Collaging with … Shaunté Gates
Artist-led series

To accompany Multiplicity: Blackness in Contemporary American Collage, The Phillips Collection presents a dynamic artist-led adult series exploring the depth of collaging followed by a reception with the artist. Each Sunday from August 4-September 1, an internationally renowned artist will share their unique creative process and lead the participants in the creation of an artwork. Each session highlights a different form of collaging. Materials included. All levels welcome.

About Shaunté Gates
Shaunté Gates is based in Washington, DC, where he was born and raised. Gates’s works across mixed media collage and video subvert landscapes with architecture embedded with cultural symbologies and caste categorizations.
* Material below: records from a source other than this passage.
Lemma RInt_kern_ge_0 u v : u <= v -> 0 <= RInt (kern eps rho) u v.
Proof.
  intros Huv. apply RInt_ge_0; [exact Huv | apply ex_RInt_of_cont, continuous_kern |].
  intros; left; apply kern_gt_0.
Qed.

Lemma kern_prim_le u v : 0 <= u -> u <= v -> kern_prim eps rho u <= kern_prim eps rho v.
Proof.
  intros Hu Huv. rewrite (kern_prim_Chasles u v). generalize (RInt_kern_ge_0 u v Huv). lra.
Qed.

Lemma kern_prim_ge_0 s : 0 <= s -> 0 <= kern_prim eps rho s.
Proof. intros Hs. unfold kern_prim. apply RInt_kern_ge_0, Hs. Qed.

Definition kern_const : R := exp ((mu + Rabs (p - 2)) * Rabs (ln eps)).

Lemma kern_const_gt_0 : 0 < kern_const.
Proof. apply exp_pos. Qed.

Lemma kern_shift_bounds r lo hi : 0 <= r -> lo <= rho r - 2 <= hi ->
  / kern_const * Rpower (1 + r) lo <= kern eps rho r <= kern_const * Rpower (1 + r) hi.
Proof.
  intros Hr He. unfold kern. rewrite Rabs_pos_eq by exact Hr.
  apply Rpower_shift_bounds; [exact heps | exact Hr | exact He |].
  apply Rabs_le_between. generalize (hrange r Hr) (Rle_abs (p - 2)) (Rabs_pos (p - 2)). lra.
Qed.

Lemma kern_bounds r : 0 <= r ->
  / kern_const * Rpower (1 + r) (- mu) <= kern eps rho r
    <= kern_const * Rpower (1 + r) (p - 2).
Proof. intros Hr. apply kern_shift_bounds; [exact Hr | generalize (hrange r Hr); lra]. Qed.

Lemma kern_prim_lower s : 0 <= s ->
  s * (/ kern_const * Rpower (1 + s) (- mu)) <= kern_prim eps rho s.
Proof.
  intros Hs. unfold kern_prim.
  rewrite <- (Rminus_0_r s) at 1. rewrite <- (RInt_const (V := R_CompleteNormedModule)).
  apply RInt_le; [exact Hs | apply (ex_RInt_const (V := R_NormedModule))
                 | apply ex_RInt_of_cont, continuous_kern |].
  intros x Hx. eapply Rle_trans; [| apply kern_bounds; lra].
  apply Rmult_le_compat_l; [left; apply Rinv_0_lt_compat, kern_const_gt_0 |].
  rewrite !Rpower_Ropp. apply Rinv_le_contravar; [apply Rpower_gt_0 |].
  apply Rle_Rpower_l; lra.
Qed.

Lemma kern_prim_upper s : 0 <= s ->
  kern_prim eps rho s <= kern_const * (1 + / (p - 1)) * (s * Rpower (1 + s) (p - 2)).
Proof.
  intros Hs. unfold kern_prim.
  apply Rle_trans with (RInt (fun x => kern_const * Rpower (1 + x) (p - 2)) 0 s).
  - apply RInt_le; [exact Hs | apply ex_RInt_of_cont, continuous_kern
                   | apply (ex_RInt_scal (V := R_CompleteNormedModule)), ex_RInt_Rpower_1p; lra |].
    intros x Hx. apply kern_bounds. lra.
  - rewrite (RInt_scal (V := R_CompleteNormedModule)) by (apply ex_RInt_Rpower_1p; lra).
    rewrite Rmult_assoc. apply Rmult_le_compat_l; [left; apply kern_const_gt_0 |].
    replace (p - 1) with (p - 2 + 1) by ring. apply RInt_Rpower_1p_le; lra.
Qed.

Lemma Gfun_D2form_bounds x y a b :
  / kern_const * Rpower (1 + norm2 x y) (- mu) * norm2 a b ^ 2 <= D2form (Gfun eps rho) x y a b
  <= kern_const * (1 + / (p - 1)) * Rpower (1 + norm2 x y) (p - 2) * norm2 a b ^ 2.
Proof.
  assert (Hn := sqrt_pos (x ^ 2 + y ^ 2)). fold (norm2 x y) in Hn.
  apply (D2form_radial_between _ (kern_prim2 eps rho) (kern_prim eps rho) (kern eps rho));
    auto using Gfun_radial, is_derive_kern_prim2, is_derive_kern_prim,
               kern_prim2_even, kern_prim_odd.
  - intros Hr. set (r := norm2 x y) in *.
    generalize (kern_prim_lower r Hn) (kern_prim_upper r Hn). intros Hlo Hup.
    split; [apply (proj1 (Rle_div_r _ _ r Hr)) | apply (proj2 (Rle_div_l _ _ r Hr))]; lra.
  - generalize (kern_bounds _ Hn). intros [Hlo Hup]. split; [exact Hlo |].
    eapply Rle_trans; [exact Hup |]. rewrite !Rmult_assoc.
    apply Rmult_le_compat_l; [left; apply kern_const_gt_0 |].
    assert (0 < / (p - 1)) by (apply Rinv_0_lt_compat; lra).
    generalize (Rpower_gt_0 (1 + norm2 x y) (p - 2)). nra.
Qed.

Lemma kern_prim2_lower r : 0 <= r ->
  0 <= kern_prim2 eps rho r /\ (r - 1) * kern_prim eps rho 1 <= kern_prim2 eps rho r.
Proof.
  intros Hr. unfold kern_prim2.
  assert (Hex : forall u v, ex_RInt (kern_prim eps rho) u v)
    by (intros; apply ex_RInt_of_cont, continuous_kern_prim).
  assert (Hpos : forall u v, 0 <= u <= v -> 0 <= RInt (kern_prim eps rho) u v).
  { intros u v Huv. apply RInt_ge_0; [lra | apply Hex |].
    intros; apply kern_prim_ge_0; lra. }
  split; [apply Hpos; lra |].
  destruct (Rle_lt_dec 1 r) as [H1 | H1].
  - rewrite <- (RInt_Chasles (V := R_CompleteNormedModule) _ 0 1 r) by apply Hex.
    assert (0 <= RInt (kern_prim eps rho) 0 1) by (apply Hpos; lra).
    assert ((r - 1) * kern_prim eps rho 1 <= RInt (kern_prim eps rho) 1 r).
    { rewrite <- (RInt_const (V := R_CompleteNormedModule)).
      apply RInt_le; [exact H1 | apply (ex_RInt_const (V := R_NormedModule)) | apply Hex |].
      intros; apply kern_prim_le; lra. }
    unfold plus; simpl. lra.
  - assert (0 <= kern_prim eps rho 1) by (apply kern_prim_ge_0; lra).
    assert (0 <= RInt (kern_prim eps rho) 0 r) by (apply Hpos; lra).
    nra.
Qed.

Lemma kern_prim2_linear_lower :
  exists k, 0 <= k /\ forall r, 0 <= r -> 1 + r <= k * (kern_prim2 eps rho r + 1).
Proof.
  set (m := kern_prim eps rho 1).
  assert (Hm : 0 < m).
  { apply RInt_gt_0; [lra | intros; apply kern_gt_0 | intros; apply continuous_kern]. }
  assert (Hk : 0 < 2 / m) by (apply Rdiv_lt_0_compat; lra).
  exists (3 + 2 / m). split; [lra |].
  intros r Hr. destruct (kern_prim2_lower r Hr) as [Hg0 Hg].
  fold m in Hg. set (gr := kern_prim2 eps rho r) in *.
  assert (2 / m * m = 2) by (field; lra).
  destruct (Rle_lt_dec r 2); nra.
Qed.

Section Tail.

Variables (a R1 : R).
Hypothesis ha : 1 < a.
Hypothesis hR1 : 0 <= R1.
Hypothesis htail : forall r, R1 <= r -> rho r - 2 <= - a.

Lemma kern_tail r : R1 <= r -> kern eps rho r <= kern_const * Rpower (1 + r) (- a).
Proof.
  intros Hr. apply (kern_shift_bounds r (- mu)); [lra |].
  split; [generalize (hrange r ltac:(lra)); lra | apply htail, Hr].
Qed.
The collage works have moved from canvas to wood in response to the needs of the layering of fabrics, canvas, paper, coins, and photographs. Gates’s use of found materials evokes the energy and cultural relevance of their site of origin and the popular culture referenced within these works. Gates refers to these landscapes as “Land of Myth,” and as such denotes, mythologies are layered within the materials. Gates produces dreamscape-like compositions rife with cinematic moments of beauty, chaos and glory depicting the labyrinth of social constructs we are all wading through. The works maybe most succinctly described as psychogeography, an intersection of psychology and geography. It focuses on our psychological experiences of the city and reveals or illuminates forgotten, discarded, or marginalized aspects of the urban environment.
He is a participating artist in Smithsonian Institution’s “Men of Change” four-year (2019-2022) traveling exhibition. The exhibition spans ten museums including California African American Museum, Cincinnati Underground Railroad Museum, and Washington State History Museum. Gates has work in esteemed private collections, and an acquisition by the Studio Museum in Harlem’s Collection. He has many public art commissions from schools throughout DC, including Transcending, a painting commemorating the 140th anniversary of Howard University School of Law.